(Data excerpts):
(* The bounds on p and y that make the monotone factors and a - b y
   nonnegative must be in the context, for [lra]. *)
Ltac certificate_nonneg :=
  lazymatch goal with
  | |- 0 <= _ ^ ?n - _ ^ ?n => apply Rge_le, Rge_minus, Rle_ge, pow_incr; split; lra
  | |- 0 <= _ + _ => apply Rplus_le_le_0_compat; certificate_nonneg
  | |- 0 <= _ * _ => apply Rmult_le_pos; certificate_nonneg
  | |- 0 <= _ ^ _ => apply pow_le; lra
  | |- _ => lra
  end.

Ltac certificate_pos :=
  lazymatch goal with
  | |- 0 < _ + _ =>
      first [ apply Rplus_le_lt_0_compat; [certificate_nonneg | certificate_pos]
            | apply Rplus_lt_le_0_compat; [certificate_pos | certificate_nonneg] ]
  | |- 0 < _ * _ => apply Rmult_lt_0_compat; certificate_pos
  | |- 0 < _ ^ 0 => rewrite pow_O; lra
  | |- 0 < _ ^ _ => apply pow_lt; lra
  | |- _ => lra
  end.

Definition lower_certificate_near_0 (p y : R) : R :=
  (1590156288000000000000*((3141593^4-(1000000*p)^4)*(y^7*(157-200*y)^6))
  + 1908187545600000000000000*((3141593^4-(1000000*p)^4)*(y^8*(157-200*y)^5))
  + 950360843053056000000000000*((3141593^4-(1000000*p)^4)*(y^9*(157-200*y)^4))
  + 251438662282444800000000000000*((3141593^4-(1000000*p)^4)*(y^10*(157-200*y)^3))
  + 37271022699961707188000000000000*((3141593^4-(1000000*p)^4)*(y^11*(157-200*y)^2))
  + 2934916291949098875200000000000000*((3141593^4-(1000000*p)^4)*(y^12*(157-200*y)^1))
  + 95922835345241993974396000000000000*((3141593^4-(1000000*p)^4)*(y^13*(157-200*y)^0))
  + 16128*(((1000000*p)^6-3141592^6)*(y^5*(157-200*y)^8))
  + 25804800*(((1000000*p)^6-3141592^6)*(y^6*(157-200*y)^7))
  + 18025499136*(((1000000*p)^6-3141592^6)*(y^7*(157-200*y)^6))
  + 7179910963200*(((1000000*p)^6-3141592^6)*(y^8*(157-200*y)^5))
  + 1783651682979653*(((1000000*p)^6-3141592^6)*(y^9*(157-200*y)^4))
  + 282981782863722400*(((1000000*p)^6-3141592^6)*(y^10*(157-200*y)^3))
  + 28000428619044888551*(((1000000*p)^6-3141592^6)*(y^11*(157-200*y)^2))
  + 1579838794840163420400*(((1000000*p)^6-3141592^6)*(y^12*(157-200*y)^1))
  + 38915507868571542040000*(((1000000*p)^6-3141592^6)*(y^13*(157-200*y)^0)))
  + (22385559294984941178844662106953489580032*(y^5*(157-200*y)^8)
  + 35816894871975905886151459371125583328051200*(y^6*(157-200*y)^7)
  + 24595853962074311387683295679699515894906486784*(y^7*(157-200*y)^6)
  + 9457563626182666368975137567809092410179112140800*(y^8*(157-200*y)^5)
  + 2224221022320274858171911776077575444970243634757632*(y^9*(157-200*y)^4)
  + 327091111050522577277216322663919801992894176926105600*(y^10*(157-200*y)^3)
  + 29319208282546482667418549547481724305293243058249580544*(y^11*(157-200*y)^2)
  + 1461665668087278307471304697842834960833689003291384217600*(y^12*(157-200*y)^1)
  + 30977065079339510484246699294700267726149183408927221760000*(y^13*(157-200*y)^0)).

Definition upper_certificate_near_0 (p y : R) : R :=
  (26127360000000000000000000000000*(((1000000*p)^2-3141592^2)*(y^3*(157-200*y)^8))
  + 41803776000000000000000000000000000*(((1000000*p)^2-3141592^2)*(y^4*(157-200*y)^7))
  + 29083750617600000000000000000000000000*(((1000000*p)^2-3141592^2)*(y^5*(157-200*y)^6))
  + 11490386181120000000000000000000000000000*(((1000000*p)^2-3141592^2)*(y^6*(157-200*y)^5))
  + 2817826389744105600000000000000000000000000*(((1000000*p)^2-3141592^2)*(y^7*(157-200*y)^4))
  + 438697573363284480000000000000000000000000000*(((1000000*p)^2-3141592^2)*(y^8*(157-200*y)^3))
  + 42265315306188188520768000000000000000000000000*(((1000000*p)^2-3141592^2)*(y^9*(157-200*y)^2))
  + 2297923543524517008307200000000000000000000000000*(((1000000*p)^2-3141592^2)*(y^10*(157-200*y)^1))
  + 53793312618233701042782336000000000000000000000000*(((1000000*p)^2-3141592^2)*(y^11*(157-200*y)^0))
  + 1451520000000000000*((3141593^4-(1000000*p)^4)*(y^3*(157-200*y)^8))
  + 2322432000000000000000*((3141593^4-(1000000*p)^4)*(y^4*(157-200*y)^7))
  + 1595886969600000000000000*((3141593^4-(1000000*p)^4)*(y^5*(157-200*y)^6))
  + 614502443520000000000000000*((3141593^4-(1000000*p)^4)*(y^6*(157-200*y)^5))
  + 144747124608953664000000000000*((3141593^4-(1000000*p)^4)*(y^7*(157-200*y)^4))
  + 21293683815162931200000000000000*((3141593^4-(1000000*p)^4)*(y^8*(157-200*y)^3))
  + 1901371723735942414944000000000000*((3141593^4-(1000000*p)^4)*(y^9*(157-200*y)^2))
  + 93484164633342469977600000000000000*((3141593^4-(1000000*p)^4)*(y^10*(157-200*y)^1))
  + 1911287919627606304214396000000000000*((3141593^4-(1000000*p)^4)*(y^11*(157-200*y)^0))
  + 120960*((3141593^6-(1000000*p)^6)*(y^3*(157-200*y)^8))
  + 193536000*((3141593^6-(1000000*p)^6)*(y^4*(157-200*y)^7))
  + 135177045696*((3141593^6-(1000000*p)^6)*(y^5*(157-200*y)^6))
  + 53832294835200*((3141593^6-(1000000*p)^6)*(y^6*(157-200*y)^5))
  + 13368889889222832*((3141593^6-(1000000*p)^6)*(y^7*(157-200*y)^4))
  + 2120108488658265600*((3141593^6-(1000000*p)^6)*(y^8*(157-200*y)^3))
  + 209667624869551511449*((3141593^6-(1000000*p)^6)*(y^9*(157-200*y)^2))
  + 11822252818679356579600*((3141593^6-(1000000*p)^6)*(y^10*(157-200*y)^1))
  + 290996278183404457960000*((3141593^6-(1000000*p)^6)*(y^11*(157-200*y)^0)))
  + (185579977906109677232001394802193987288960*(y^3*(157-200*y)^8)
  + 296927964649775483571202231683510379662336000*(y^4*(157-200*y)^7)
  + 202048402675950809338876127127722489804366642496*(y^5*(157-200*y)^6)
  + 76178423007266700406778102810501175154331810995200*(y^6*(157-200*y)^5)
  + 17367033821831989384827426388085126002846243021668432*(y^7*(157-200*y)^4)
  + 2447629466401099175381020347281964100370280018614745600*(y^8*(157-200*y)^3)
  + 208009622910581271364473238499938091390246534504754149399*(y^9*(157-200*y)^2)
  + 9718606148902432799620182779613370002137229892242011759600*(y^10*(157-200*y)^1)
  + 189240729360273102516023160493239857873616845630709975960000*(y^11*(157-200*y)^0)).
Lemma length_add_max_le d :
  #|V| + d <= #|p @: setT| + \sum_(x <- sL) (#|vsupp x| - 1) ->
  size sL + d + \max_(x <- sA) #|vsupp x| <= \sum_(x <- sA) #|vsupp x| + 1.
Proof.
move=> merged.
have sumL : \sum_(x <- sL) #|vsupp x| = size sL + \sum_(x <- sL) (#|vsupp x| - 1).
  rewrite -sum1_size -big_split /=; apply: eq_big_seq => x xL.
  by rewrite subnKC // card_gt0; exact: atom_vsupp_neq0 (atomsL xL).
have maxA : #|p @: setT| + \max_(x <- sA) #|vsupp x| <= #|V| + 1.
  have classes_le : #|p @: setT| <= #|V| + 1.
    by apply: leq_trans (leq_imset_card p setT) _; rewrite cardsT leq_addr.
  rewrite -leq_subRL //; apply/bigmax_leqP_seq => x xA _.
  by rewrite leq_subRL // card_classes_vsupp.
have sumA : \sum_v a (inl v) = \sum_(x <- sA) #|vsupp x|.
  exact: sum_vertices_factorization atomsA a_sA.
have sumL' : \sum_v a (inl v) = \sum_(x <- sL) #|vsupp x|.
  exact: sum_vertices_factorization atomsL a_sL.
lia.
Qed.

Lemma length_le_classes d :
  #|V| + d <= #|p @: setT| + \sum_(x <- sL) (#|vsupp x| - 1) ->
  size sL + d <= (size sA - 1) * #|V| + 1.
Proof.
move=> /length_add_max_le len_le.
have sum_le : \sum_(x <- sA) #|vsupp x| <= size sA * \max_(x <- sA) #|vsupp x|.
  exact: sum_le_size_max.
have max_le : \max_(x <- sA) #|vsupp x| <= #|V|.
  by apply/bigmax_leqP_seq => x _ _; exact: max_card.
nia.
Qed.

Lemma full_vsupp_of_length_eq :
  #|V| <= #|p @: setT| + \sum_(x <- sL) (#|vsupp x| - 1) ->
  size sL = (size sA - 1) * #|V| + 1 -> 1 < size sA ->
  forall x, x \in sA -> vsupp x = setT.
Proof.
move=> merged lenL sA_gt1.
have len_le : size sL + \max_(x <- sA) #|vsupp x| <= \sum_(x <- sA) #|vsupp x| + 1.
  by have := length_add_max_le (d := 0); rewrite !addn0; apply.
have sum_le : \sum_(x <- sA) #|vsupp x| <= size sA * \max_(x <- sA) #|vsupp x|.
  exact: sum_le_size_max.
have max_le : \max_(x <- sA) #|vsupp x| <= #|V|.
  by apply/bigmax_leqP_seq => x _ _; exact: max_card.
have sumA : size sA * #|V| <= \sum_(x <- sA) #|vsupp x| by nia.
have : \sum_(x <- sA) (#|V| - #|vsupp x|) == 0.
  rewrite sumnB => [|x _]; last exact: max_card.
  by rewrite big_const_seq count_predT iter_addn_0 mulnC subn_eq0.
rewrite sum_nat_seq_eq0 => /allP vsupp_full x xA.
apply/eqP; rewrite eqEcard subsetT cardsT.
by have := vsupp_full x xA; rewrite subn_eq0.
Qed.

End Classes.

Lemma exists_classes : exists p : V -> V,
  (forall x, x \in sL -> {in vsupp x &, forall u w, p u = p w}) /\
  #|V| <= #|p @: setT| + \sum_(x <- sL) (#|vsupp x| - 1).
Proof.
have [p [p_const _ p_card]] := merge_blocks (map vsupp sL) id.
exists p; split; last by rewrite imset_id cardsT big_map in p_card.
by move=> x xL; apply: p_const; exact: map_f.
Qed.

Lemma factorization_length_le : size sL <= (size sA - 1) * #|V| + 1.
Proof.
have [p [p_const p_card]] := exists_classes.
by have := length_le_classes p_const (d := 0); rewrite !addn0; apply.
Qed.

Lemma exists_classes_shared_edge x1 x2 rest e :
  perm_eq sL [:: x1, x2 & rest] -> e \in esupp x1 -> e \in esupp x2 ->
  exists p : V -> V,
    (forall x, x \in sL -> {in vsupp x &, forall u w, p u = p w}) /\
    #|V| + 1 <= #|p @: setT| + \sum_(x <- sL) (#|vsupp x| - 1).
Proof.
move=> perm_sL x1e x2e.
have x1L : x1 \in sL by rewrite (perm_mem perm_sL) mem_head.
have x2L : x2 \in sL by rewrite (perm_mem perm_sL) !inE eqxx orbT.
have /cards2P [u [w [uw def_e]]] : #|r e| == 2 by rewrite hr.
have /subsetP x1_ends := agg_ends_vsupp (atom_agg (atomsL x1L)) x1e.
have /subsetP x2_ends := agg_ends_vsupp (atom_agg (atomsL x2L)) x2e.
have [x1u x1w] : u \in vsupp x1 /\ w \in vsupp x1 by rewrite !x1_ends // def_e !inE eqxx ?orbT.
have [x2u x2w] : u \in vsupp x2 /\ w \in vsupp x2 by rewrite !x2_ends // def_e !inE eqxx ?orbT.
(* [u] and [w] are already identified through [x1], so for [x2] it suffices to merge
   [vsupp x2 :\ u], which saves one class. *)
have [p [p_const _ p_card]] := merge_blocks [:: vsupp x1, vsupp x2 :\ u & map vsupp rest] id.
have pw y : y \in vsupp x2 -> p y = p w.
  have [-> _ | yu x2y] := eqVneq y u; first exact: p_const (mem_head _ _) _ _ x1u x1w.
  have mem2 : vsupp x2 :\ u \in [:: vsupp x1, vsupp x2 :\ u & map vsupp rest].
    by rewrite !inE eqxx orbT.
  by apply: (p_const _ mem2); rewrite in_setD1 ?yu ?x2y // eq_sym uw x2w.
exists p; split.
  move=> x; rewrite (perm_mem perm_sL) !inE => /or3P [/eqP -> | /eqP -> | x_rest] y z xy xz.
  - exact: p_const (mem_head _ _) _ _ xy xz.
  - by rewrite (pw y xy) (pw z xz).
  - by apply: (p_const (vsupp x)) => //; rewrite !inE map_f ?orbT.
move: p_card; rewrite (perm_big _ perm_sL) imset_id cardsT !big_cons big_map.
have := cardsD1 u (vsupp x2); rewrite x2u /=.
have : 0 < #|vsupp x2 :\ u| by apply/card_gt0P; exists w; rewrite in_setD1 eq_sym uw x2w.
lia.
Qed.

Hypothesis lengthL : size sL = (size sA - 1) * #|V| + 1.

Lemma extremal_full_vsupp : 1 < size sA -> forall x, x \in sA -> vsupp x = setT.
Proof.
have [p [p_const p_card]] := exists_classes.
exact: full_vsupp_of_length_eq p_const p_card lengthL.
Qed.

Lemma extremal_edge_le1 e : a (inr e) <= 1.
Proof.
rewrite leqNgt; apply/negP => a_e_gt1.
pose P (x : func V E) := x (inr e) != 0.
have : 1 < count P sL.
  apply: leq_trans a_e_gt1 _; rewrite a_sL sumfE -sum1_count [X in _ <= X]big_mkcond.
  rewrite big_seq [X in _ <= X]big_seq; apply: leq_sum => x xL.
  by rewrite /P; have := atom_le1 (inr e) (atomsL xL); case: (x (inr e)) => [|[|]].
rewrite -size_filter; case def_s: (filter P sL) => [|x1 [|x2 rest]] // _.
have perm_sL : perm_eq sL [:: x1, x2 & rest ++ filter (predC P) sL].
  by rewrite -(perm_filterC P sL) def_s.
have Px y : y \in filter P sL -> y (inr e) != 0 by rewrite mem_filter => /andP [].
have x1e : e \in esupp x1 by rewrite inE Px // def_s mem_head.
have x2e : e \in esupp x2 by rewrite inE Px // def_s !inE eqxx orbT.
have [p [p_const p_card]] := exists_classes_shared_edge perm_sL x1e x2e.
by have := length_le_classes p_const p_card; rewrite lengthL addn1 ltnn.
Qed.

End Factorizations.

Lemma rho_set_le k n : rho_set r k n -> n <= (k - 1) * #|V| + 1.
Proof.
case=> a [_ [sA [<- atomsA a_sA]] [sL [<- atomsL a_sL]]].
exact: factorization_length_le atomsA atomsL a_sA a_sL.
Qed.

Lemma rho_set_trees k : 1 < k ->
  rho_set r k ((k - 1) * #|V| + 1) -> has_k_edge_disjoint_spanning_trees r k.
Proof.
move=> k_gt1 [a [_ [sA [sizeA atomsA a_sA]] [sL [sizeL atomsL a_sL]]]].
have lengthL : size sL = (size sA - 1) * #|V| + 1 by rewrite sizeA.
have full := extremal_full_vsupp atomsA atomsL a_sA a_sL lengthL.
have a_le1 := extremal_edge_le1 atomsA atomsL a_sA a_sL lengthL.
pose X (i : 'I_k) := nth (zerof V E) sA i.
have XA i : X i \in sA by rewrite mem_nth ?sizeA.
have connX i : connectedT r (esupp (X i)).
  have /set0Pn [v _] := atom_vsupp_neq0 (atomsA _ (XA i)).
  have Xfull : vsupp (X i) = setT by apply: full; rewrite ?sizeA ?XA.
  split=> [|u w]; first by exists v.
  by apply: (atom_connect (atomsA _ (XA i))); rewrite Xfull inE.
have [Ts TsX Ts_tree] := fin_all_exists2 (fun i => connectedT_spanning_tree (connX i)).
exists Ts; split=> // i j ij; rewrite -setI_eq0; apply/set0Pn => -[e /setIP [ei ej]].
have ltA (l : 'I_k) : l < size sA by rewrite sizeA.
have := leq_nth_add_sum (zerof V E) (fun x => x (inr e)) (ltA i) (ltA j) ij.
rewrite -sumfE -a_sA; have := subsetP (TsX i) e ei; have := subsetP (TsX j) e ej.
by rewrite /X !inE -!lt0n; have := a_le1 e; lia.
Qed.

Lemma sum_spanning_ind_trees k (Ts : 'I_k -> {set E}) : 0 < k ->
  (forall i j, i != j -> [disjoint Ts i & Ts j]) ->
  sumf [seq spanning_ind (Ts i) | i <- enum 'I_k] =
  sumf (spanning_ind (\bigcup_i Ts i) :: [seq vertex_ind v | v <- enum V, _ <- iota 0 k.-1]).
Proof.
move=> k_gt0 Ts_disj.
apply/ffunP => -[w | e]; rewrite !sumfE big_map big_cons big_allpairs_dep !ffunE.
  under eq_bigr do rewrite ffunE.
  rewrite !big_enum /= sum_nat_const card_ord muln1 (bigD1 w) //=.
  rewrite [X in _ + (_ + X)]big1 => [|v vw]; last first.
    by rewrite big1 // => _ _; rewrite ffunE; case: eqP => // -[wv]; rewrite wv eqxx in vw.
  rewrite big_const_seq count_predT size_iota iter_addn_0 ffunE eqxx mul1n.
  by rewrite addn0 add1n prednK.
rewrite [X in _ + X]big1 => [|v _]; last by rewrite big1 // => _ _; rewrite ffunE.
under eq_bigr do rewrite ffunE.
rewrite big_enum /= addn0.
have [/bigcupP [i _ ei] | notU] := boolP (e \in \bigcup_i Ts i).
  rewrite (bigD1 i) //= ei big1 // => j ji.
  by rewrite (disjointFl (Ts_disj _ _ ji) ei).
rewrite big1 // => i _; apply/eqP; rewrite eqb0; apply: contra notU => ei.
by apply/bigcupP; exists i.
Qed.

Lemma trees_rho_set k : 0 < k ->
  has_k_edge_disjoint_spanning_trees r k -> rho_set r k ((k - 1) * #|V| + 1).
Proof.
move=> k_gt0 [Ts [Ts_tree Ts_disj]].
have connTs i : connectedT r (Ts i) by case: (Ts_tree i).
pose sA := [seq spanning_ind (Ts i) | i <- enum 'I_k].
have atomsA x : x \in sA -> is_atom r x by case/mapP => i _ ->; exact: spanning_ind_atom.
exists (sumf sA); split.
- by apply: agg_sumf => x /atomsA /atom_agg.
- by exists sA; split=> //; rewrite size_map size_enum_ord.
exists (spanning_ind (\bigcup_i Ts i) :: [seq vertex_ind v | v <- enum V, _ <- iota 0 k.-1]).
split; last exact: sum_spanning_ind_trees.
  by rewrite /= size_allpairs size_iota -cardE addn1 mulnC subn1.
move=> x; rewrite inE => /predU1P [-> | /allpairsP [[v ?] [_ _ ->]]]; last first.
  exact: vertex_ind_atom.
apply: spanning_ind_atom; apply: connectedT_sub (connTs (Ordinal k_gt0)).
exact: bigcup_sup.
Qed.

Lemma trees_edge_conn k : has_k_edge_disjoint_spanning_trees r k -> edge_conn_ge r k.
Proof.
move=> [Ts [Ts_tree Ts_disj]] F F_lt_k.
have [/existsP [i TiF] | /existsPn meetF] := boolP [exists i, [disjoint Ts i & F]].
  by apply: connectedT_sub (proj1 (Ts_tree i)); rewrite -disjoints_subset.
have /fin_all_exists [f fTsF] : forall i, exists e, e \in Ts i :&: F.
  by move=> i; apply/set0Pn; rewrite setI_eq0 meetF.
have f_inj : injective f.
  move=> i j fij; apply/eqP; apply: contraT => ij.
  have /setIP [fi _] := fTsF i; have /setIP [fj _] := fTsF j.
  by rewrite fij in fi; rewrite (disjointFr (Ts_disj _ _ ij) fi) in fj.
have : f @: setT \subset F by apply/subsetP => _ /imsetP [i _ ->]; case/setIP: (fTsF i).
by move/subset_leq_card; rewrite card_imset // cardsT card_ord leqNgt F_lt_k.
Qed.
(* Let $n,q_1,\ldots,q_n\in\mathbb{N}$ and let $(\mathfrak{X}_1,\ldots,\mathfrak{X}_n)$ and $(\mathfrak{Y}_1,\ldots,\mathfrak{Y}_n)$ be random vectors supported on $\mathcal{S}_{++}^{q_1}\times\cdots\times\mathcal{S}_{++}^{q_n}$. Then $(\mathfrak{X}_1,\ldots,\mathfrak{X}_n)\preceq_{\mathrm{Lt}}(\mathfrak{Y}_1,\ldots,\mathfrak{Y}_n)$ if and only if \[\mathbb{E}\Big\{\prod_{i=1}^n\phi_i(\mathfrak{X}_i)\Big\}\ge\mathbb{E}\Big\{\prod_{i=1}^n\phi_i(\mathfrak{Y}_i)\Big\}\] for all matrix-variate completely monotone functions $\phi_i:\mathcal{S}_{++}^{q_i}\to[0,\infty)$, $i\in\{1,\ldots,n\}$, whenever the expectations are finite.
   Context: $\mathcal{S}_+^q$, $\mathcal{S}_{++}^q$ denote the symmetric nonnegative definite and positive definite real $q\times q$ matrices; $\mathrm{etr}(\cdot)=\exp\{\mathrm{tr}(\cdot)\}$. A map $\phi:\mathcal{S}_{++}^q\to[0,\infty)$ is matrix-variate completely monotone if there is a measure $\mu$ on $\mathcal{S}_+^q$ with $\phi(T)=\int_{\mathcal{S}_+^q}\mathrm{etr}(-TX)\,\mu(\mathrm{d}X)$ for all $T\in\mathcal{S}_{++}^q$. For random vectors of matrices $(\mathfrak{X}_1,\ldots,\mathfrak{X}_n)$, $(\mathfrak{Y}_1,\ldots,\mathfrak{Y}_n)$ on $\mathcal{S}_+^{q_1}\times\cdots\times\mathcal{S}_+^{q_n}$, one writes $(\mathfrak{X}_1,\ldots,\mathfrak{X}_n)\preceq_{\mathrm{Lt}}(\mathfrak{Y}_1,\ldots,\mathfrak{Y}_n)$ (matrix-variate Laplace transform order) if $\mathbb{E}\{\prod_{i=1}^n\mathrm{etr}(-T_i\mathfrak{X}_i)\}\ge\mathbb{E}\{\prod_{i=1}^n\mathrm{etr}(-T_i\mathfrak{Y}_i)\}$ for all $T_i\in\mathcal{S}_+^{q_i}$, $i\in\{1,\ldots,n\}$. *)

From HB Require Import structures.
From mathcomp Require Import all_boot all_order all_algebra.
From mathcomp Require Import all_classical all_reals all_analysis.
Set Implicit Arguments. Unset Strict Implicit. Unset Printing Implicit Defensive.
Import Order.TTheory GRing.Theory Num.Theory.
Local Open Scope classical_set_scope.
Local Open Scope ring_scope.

(Task goal): Scan the material and collect every line that contains "boolP".

(Response area):
have [/bigcupP [i _ ei] | notU] := boolP (e \in \bigcup_i Ts i).
have [/existsP [i TiF] | /existsPn meetF] := boolP [exists i, [disjoint Ts i & F]].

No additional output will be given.